Configuration and Logging
The literal index is disabled by default. To enable it, specify a comma-separated list of IRIs of properties whose values should be indexed using the index.literals.properties
database option. The option accepts two meta IRIs: tag:stardog:api:property:all
and tag:stardog:api:property:none
meaning that all properties should be indexed or none, respectively (the latter is the default value).
In addition to that, there are two options to put a cap on the total size of the literal index:
index.literals.limit
index.literals.merge.limit
- the size of the differential literal index
The former is straightforward: it prevents the index from growing beyond the limit and consuming too much of the server’s memory. After reaching that limit, the index is dropped and no longer used in queries. The latter controls the max size of the index that’s maintained separately during transactions to avoid updates to the main literal index on every small change to the data. On reaching that limit the differential index is merged into the main literal index.
Detailed information regarding building and maintaining the literal index, as well as using it in queries, will be printed in stardog.log
by adding the following <Logger>
into your log4j2.xml
. See the Logging section for more details on modifying this file.
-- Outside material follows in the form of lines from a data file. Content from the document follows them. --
(* Let $P$ be an NL poset on $X_n$ whose twin classes $\alpha_1,\ldots,\alpha_r$ all have the same size $m\ge1$. Then $H=\mathrm{Aut}(P_\equiv)$, where $H=\{\psi\in\mathrm{Aut}(P_\equiv): |\psi(\alpha)|=|\alpha| \text{ for every twin class }\alpha\}$. Moreover, $\mathrm{Aut}(P)\cong\mathrm{Aut}(P_\equiv)$ if and only if $m=1$, i.e., every twin class is a singleton.
   Context: Let $X_n=\{0,1,\ldots,n-1\}$. A naturally labeled (NL) poset on $X_n$ is a partial order $\preceq$ on $X_n$ such that $x\preceq y$ implies $x\le y$ in the usual integer order. $\mathrm{Aut}(P)$ is the group of bijections $\sigma$ of $X_n$ with $x\preceq y\iff\sigma(x)\preceq\sigma(y)$. For $x\in X_n$, $D(x)=\{z: z\prec x\}$, $U(x)=\{z: x\prec z\}$; $x,y$ are twins if $D(x)=D(y)$ and $U(x)=U(y)$, and the equivalence classes are the twin classes. The twin poset $P_\equiv$ is the set of twin classes ordered by $\alpha\preceq_\equiv\beta$ iff $x\preceq y$ for (any) $x\in\alpha$, $y\in\beta$; $\mathrm{Aut}(P_\equiv)$ is its automorphism group. *)

From mathcomp Require Import all_boot all_fingroup.
Set Implicit Arguments. Unset Strict Implicit. Unset Printing Implicit Defensive.

(* X_n = 'I_n ; a partial order is given by a boolean relation le. *)
Section Poset.
Variable n : nat.
Variable le : rel 'I_n.

Definition NLposet : Prop :=
  [/\ reflexive le, antisymmetric le, transitive le &
      forall x y : 'I_n, le x y -> (x <= y)%N].

Definition downset (x : 'I_n) : {set 'I_n} := [set z | le z x & z != x].
Definition upset (x : 'I_n) : {set 'I_n} := [set z | le x z & z != x].

Definition twins (x y : 'I_n) : bool := (downset x == downset y) && (upset x == upset y).

Definition twin_class (x : 'I_n) : {set 'I_n} := [set y | twins x y].

(* the set of twin classes = carrier of the twin poset P_≡ *)
Definition twin_classes : {set {set 'I_n}} := [set twin_class x | x in 'I_n].

(* order of P_≡ : alpha ≼ beta iff x ≼ y for (any, equivalently some) x in alpha, y in beta *)
Definition twin_le (a b : {set 'I_n}) : bool := [exists x in a, exists y in b, le x y].

Definition AutP : {set {perm 'I_n}} :=
  [set s : {perm 'I_n} | [forall x, forall y, le x y == le (s x) (s y)]].

(* Aut(P_≡): bijections of the set of twin classes preserving the twin order,
   represented as permutations of {set 'I_n} supported on twin_classes *)
Definition AutPeq : {set {perm {set 'I_n}}} :=
  [set psi : {perm {set 'I_n}} | perm_on twin_classes psi &&
     [forall a in twin_classes, forall b in twin_classes,
        twin_le a b == twin_le (psi a) (psi b)]].

Definition AutPeq_size : {set {perm {set 'I_n}}} :=
  [set psi in AutPeq | [forall a in twin_classes, #|psi a| == #|a|]].
End Poset.

From mathcomp Require Import all_boot all_fingroup.
Set Implicit Arguments. Unset Strict Implicit. Unset Printing Implicit Defensive.

(* Twins have the same strict down- and up-sets, so the order of P is read off
   the twin poset: x <= y iff x = y, or x and y lie in distinct classes that are
   comparable in P_≡.  Hence a size-preserving automorphism psi of P_≡ lifts to
   an automorphism of P by matching each class a with psi a through their
   enumerations, which injects H into Aut(P); when all classes have the same
   size, H is all of Aut(P_≡).  A transposition of two twins is an
   automorphism of P outside the image of this lift, so for m >= 2 the groups
   have different orders.  For m = 1 the classes are the singletons and
   s |-> ({x} |-> {s x}) is an isomorphism Aut(P) -> Aut(P_≡). *)

(* Total version of [perm]: the identity when [g] is not injective, so that it
   applies to [twin_lift psi] for every [psi]. *)
Definition perm_of (T : finType) (g : T -> T) : {perm T} :=
  insubd (1%g : {perm T}) [ffun x => g x].

Lemma perm_ofE (T : finType) (g : T -> T) : injective g -> perm_of g =1 g.
Proof.
move=> g_inj x; rewrite /perm_of.
have g_injb : injectiveb [ffun x => g x].
  by apply/injectiveP=> a b; rewrite !ffunE; apply: g_inj.
by rewrite unlock /= insubdK // ffunE.
Qed.

Section Twins.
Variables (n : nat) (le : rel 'I_n).
Local Notation tc := (twin_class le).
Local Notation TC := (twin_classes le).

Hypothesis le_refl : reflexive le.

Lemma twins_refl x : twins le x x.
Proof. by rewrite /twins !eqxx. Qed.

Lemma mem_twin_class x y : (y \in tc x) = (tc x == tc y).
Proof.
rewrite {1}/twin_class inE; apply/idP/eqP.
  by case/andP=> /eqP dxy /eqP uxy; apply/setP=> z; rewrite !inE /twins dxy uxy.
move=> exy; have : y \in tc y by rewrite inE twins_refl.
by rewrite -exy inE.
Qed.

Lemma twin_class_self x : x \in tc x.
Proof. by rewrite mem_twin_class. Qed.

Lemma twinsE x y : twins le x y = (tc x == tc y).
Proof. by rewrite -mem_twin_class inE. Qed.

Lemma twin_classesP A : reflect (exists x, A = tc x) (A \in TC).
Proof. by apply: (iffP imsetP) => [[x _ ->]|[x ->]]; exists x. Qed.

Lemma twin_class_in x : tc x \in TC.
Proof. by apply/twin_classesP; exists x. Qed.

Lemma le_twin_classE x y :
  le x y = (x == y) || (tc x != tc y) && twin_le le (tc x) (tc y).
Proof.
have downE a b : tc a = tc b -> downset le a = downset le b.
  by move/eqP; rewrite -twinsE => /andP[/eqP].
have upE a b : tc a = tc b -> upset le a = upset le b.
  by move/eqP; rewrite -twinsE => /andP[_ /eqP].
apply/idP/idP => [lxy | ].
  case: eqP => //= /eqP nxy; apply/andP; split.
    apply/eqP=> exy; have : x \in downset le y by rewrite inE lxy nxy.
    by rewrite -(downE _ _ exy) inE eqxx andbF.
  apply/existsP; exists x; rewrite twin_class_self /=.
  by apply/existsP; exists y; rewrite twin_class_self.
case/orP=> [/eqP -> // | /andP[ne /existsP[x' /andP[xx' /existsP[y' /andP[yy' lx'y']]]]]].
move: xx' yy'; rewrite !mem_twin_class => /eqP ex /eqP ey.
have nx'y' : x' != y' by apply: contraNneq ne => e; rewrite ex ey e.
have : x' \in downset le y' by rewrite inE lx'y' nx'y'.
rewrite -(downE _ _ ey) inE => /andP[lx'y nx'y].
have : y \in upset le x' by rewrite inE lx'y eq_sym nx'y.
by rewrite -(upE _ _ ex) inE => /andP[].
Qed.

Lemma twin_le_set1 x y : twin_le le [set x] [set y] = le x y.
Proof.
apply/existsP/idP => [[x' /andP[/set1P -> /existsP[y' /andP[/set1P -> //]]]] | lxy].
by exists x; rewrite set11 /=; apply/existsP; exists y; rewrite set11.
Qed.

Lemma AutP_le s : s \in AutP le -> forall x y, le (s x) (s y) = le x y.
Proof. by rewrite inE => /forallP sP x y; move: (sP x) => /forallP /(_ y) /eqP. Qed.

Lemma AutPeq_perm_on psi : psi \in AutPeq le -> perm_on TC psi.
Proof. by rewrite inE => /andP[]. Qed.

Lemma AutPeq_twin_le psi a b : psi \in AutPeq le -> a \in TC -> b \in TC ->
  twin_le le (psi a) (psi b) = twin_le le a b.
Proof.
rewrite inE => /andP[_ /forallP psiP] aT bT.
by move: (psiP a); rewrite aT => /forallP /(_ b); rewrite bT => /eqP.
Qed.

Lemma AutPeq_closed psi a : psi \in AutPeq le -> (psi a \in TC) = (a \in TC).
Proof. by move/AutPeq_perm_on/perm_closed. Qed.

Lemma group_set_AutP : group_set (AutP le).
Proof.
apply/group_setP; split.
  by rewrite inE; apply/forallP=> x; apply/forallP=> y; rewrite !perm1.
move=> s t sA tA; rewrite inE; apply/forallP=> x; apply/forallP=> y.
by rewrite !permM (AutP_le tA) (AutP_le sA).
Qed.

Lemma group_set_AutPeq : group_set (AutPeq le).
Proof.
apply/group_setP; split.
  rewrite inE perm_on1; apply/forallP=> a; apply/implyP=> _.
  by apply/forallP=> b; apply/implyP=> _; rewrite !perm1.
move=> s t sA tA; rewrite inE perm_onM ?AutPeq_perm_on //=.
apply/forallP=> a; apply/implyP=> aT; apply/forallP=> b; apply/implyP=> bT.
by rewrite !permM (AutPeq_twin_le tA) ?AutPeq_closed // AutPeq_twin_le.
Qed.

Canonical AutP_group := Group group_set_AutP.
Canonical AutPeq_group := Group group_set_AutPeq.

Lemma AutPeq_size_sub psi : psi \in AutPeq_size le -> psi \in AutPeq le.
Proof. by rewrite inE => /andP[]. Qed.

Lemma AutPeq_sizeE m : (forall a, a \in TC -> #|a| = m) ->
  AutPeq_size le = AutPeq le.
Proof.
move=> card_TC; apply/setP=> psi; rewrite inE andb_idr // => psiA.
by apply/forallP=> a; apply/implyP=> aT; rewrite !card_TC ?AutPeq_closed.
Qed.

Definition twin_lift (psi : {perm {set 'I_n}}) (x : 'I_n) : 'I_n :=
  nth x (enum (psi (tc x))) (index x (enum (tc x))).

Lemma twin_lift_fix (psi : {perm {set 'I_n}}) x :
  psi (tc x) = tc x -> twin_lift psi x = x.
Proof. by rewrite /twin_lift => ->; rewrite nth_index // mem_enum twin_class_self. Qed.

Section Lift.
Variable psi : {perm {set 'I_n}}.
Hypothesis psiH : psi \in AutPeq_size le.

Let psiA : psi \in AutPeq le := AutPeq_size_sub psiH.

Lemma index_twin_class_lt x y : y \in tc x ->
  index y (enum (tc x)) < size (enum (psi (tc x))).
Proof.
move: psiH; rewrite inE => /andP[_ /forallP /(_ (tc x))].
by rewrite twin_class_in -!cardE => /eqP -> yx; rewrite cardE index_mem mem_enum.
Qed.

Lemma twin_lift_mem x : twin_lift psi x \in psi (tc x).
Proof.
by rewrite /twin_lift -mem_enum mem_nth ?index_twin_class_lt ?twin_class_self.
Qed.

Lemma twin_class_lift x : tc (twin_lift psi x) = psi (tc x).
Proof.
have /twin_classesP[w ew] : psi (tc x) \in TC by rewrite AutPeq_closed ?twin_class_in.
by have := twin_lift_mem x; rewrite ew mem_twin_class => /eqP.
Qed.

Lemma twin_lift_inj : injective (twin_lift psi).
Proof.
move=> x y e.
have exy : tc x = tc y by apply: (@perm_inj _ psi); rewrite -!twin_class_lift e.
have xy : x \in tc y by rewrite mem_twin_class exy.
move: e; rewrite /twin_lift exy (set_nth_default y x) ?index_twin_class_lt //.
move/eqP; rewrite nth_uniq ?enum_uniq ?index_twin_class_lt ?twin_class_self //.
by move/eqP; apply: (index_inj x); rewrite mem_enum ?twin_class_self.
Qed.

Lemma twin_lift_le x y : le (twin_lift psi x) (twin_lift psi y) = le x y.
Proof.
rewrite (le_twin_classE (twin_lift psi x)) (le_twin_classE x).
rewrite !twin_class_lift (inj_eq twin_lift_inj) (inj_eq perm_inj).
by rewrite AutPeq_twin_le ?twin_class_in.
Qed.

End Lift.

Definition lift_perm psi := perm_of (twin_lift psi).

Lemma lift_permE psi : psi \in AutPeq_size le -> lift_perm psi =1 twin_lift psi.
Proof. by move=> psiH; apply/perm_ofE/twin_lift_inj. Qed.

Lemma lift_perm_AutP psi : psi \in AutPeq_size le -> lift_perm psi \in AutP le.
Proof.
move=> psiH; rewrite inE; apply/forallP=> x; apply/forallP=> y.
by rewrite !lift_permE // twin_lift_le.
Qed.

Lemma lift_perm_inj : {in AutPeq_size le &, injective lift_perm}.
Proof.
move=> psi phi psiH phiH e; apply/permP => A.
have [/twin_classesP[x ->] | nA] := boolP (A \in TC).
  by rewrite -(twin_class_lift psiH) -(twin_class_lift phiH) -!lift_permE // e.
by rewrite !(out_perm (AutPeq_perm_on (AutPeq_size_sub _))).
Qed.

Lemma card_AutPeq_size_le : #|AutPeq_size le| <= #|AutP le|.
Proof.
rewrite -(card_in_imset lift_perm_inj); apply/subset_leq_card/subsetP.
by move=> s /imsetP[psi psiH ->]; apply: lift_perm_AutP.
Qed.

Lemma card_AutPeq_size_lt x : 1 < #|tc x| -> #|AutPeq_size le| < #|AutP le|.
Proof.
move=> tc_gt1; have /card_gt0P[y] : 0 < #|tc x :\ x|.
  by move: tc_gt1; rewrite (cardsD1 x) twin_class_self.
rewrite !inE twinsE => /andP[nyx /eqP exy].
have tc_tperm z : tc (tperm x y z) = tc z.
  by case: tpermP => [->|->|//]; rewrite exy.
have tA : tperm x y \in AutP le.
  rewrite inE; apply/forallP=> a; apply/forallP=> b.
  rewrite (le_twin_classE a) (le_twin_classE (tperm x y a)).
  by rewrite !tc_tperm (inj_eq perm_inj).
have tN : tperm x y \notin lift_perm @: AutPeq_size le.
  apply/imsetP=> [[psi psiH e]].
  have psi_x : psi (tc x) = tc x.
    by rewrite -(twin_class_lift psiH) -lift_permE // -e tc_tperm.
  have := twin_lift_fix psi_x; rewrite -lift_permE // -e tpermL.
  by move/eqP; rewrite (negbTE nyx).
rewrite -(card_in_imset lift_perm_inj).
have := cardsU1 (tperm x y) (lift_perm @: AutPeq_size le); rewrite tN add1n => <-.
apply/subset_leq_card/subsetP => s /setU1P[-> // | /imsetP[psi psiH ->]].
exact: lift_perm_AutP.
Qed.

Section Singletons.
Hypothesis card_twin_classes1 : forall a, a \in TC -> #|a| = 1.

Lemma twin_class1 x : tc x = [set x].
Proof.
have /cards1P[w ew] : #|tc x| == 1 by rewrite card_twin_classes1 ?twin_class_in.
by have := twin_class_self x; rewrite ew inE => /eqP <-.
Qed.

Lemma set1_twin_classes x : [set x] \in TC.
Proof. by rewrite -twin_class1 twin_class_in. Qed.

(* Sets that are not twin classes must be fixed, as [AutPeq] consists of
   permutations supported on [twin_classes]. *)
Definition twin_act (s : {perm 'I_n}) (A : {set 'I_n}) : {set 'I_n} :=
  if A \in TC then s @: A else A.

Lemma twin_act_inj s : injective (twin_act s).
Proof.
have act_TC A : (twin_act s A \in TC) = (A \in TC).
  rewrite /twin_act; case: ifP => // /twin_classesP[x ->].
  by rewrite twin_class1 imset_set1 !set1_twin_classes.
move=> A B e; have eT : (A \in TC) = (B \in TC) by rewrite -act_TC e act_TC.
by move: e; rewrite /twin_act -eT; case: ifP => // _; apply/imset_inj/perm_inj.
Qed.

Definition twin_perm s := perm_of (twin_act s).

Lemma twin_perm_set1 s x : twin_perm s [set x] = [set s x].
Proof.
rewrite perm_ofE; last exact: twin_act_inj.
by rewrite /twin_act set1_twin_classes imset_set1.
Qed.

Lemma twin_perm_out s A : A \notin TC -> twin_perm s A = A.
Proof.
move=> nA; rewrite perm_ofE; last exact: twin_act_inj.
by rewrite /twin_act (negbTE nA).
Qed.

Lemma twin_perm_morph : {in [set: {perm 'I_n}] &, {morph twin_perm : s t / (s * t)%g}}.
Proof.
move=> s t _ _; apply/permP=> A; rewrite permM.
have [/twin_classesP[x ->] | nA] := boolP (A \in TC); last by rewrite !twin_perm_out.
by rewrite twin_class1 !twin_perm_set1 permM.
Qed.

Lemma twin_perm_inj : injective twin_perm.
Proof.
move=> s t e; apply/permP=> x.
by apply/set1_inj; rewrite -!twin_perm_set1 e.
Qed.

Lemma twin_perm_AutPeq s : s \in AutP le -> twin_perm s \in AutPeq le.
Proof.
move=> sA; rewrite inE; apply/andP; split.
  by apply/subsetP=> A; rewrite inE; apply: contraR => nA; rewrite twin_perm_out.
apply/forallP=> a; apply/implyP=> /twin_classesP[x ->].
apply/forallP=> b; apply/implyP=> /twin_classesP[y ->].
by rewrite !twin_class1 !twin_perm_set1 !twin_le_set1 (AutP_le sA).
Qed.

Lemma AutP_isog_AutPeq : AutP le \isog AutPeq le.
Proof.
pose f := Morphism (D := [set: {perm 'I_n}]) twin_perm_morph.
have f_inj : ('injm f)%g by apply/injmP=> s t _ _; apply: twin_perm_inj.
have fA : (f @* AutP le)%g = AutPeq le.
  apply/eqP; rewrite eqEcard; apply/andP; split.
    rewrite morphimEsub ?subsetT //; apply/subsetP=> p /imsetP[s sA ->].
    exact: twin_perm_AutPeq.
  by rewrite card_injm ?subsetT // -(AutPeq_sizeE card_twin_classes1) card_AutPeq_size_le.
by rewrite -fA sub_isog ?subsetT.
Qed.

End Singletons.
End Twins.

Theorem proposition4p9 (n : nat) (le : rel 'I_n) (m : nat) :
  NLposet le -> (0 < n)%N -> (1 <= m)%N ->
  (forall a, a \in twin_classes le -> #|a| = m) ->
  AutPeq_size le = AutPeq le /\
  ((AutP le \isog AutPeq le) <-> m = 1%N).
Proof.
case=> le_refl _ _ _ n_gt0 m_gt0 card_TC.
split; first exact: AutPeq_sizeE card_TC.
split=> [iso | m1]; last by apply: AutP_isog_AutPeq => //; rewrite -m1.
apply/eqP; rewrite eqn_leq m_gt0 andbT leqNgt; apply/negP=> m_gt1.
have tc_gt1 : 1 < #|twin_class le (Ordinal n_gt0)| by rewrite card_TC ?twin_class_in.
have := card_AutPeq_size_lt le_refl tc_gt1.
by rewrite (AutPeq_sizeE card_TC) (card_isog iso) ltnn.
Qed.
<Logger name="com.complexible.stardog.db.index.literals" level="DEBUG" additivity="false">
<AppenderRef ref="stardogAppender"/>
</Logger>
Query Optimization
The literal index is fully integrated into Stardog’s query engine. The optimizer will decide whether the index is applicable to a query (that is, if it’s up-to-date and the query uses filters over indexed properties) but also if its use would actually speed up the query. The latter is not necessarily true, consider the following example:
SELECT * {
?product a :Product ;
:from ?supplier ;
:price ?price .
?vendor :city :LittleRock
FILTER(?price > 10)
}
Assuming vendors from Little Rock don’t produce many products and the ?price > 10
predicate is not selective (i.e., there are many price points in that range in the database), the optimizer will probably decide to join vendors and products first and then simply apply the filter to the (supposedly small) result set. On the other hand, when the price range is tighter but the vendor predicate is not selective (let’s say it’s the state of California), the optimizer would first scan the literal index to obtain the price points in the range, and then look up corresponding products and vendors.
In either case, the query plan with cardinality estimations will show how the query will be evaluated. As always, there’s the possibility to force the optimizer to either use or not use the literal index by specifying the #pragma literal.index
hint. It admits the following values: aggressive
(always use the index if available), off
(never use it) and default
(the same as not having the hint at all).
Current limitations
The following needs to be kept in mind when using the literal index, as it is in beta:
- The index is in-memory only and is not persisted. As such, it is rebuilt on each server restart. The time it takes to rebuild the index is proportional to the number of triples with numerical predicates (configured via
index.literals.properties
). Each predicate is indexed concurrently with others. - The index is currently stored on Java heap. Its memory footprint depends greatly on the data, but when literal inlining is enabled (via
index.literals.canonical
, which istrue
by default) most numerical values are encoded as 64-bit integers. Then each literal index entry takes around 100 bytes on heap. Still, it increases heap consumption, so it might require a higher value for-Xmx
(see Capacity Planning for more information). - While the index supports transactional updates, we do not currently recommend using it when values of numerical properties are frequently updated (i.e. those triples often added or deleted). It may have a negative impact on transactional throughput and increase GC pressure on the system. The index can instead be enabled after the data is relatively stable and read query performance is prioritized.
- The index is managed as a single data structure for all indexed properties across all named graphs. If there are many indexed properties with overlapping ranges, it can have a negative impact on cardinality estimations (i.e., the optimizer can believe there are many numerical values in the range, while they could be for different properties than those used in the query).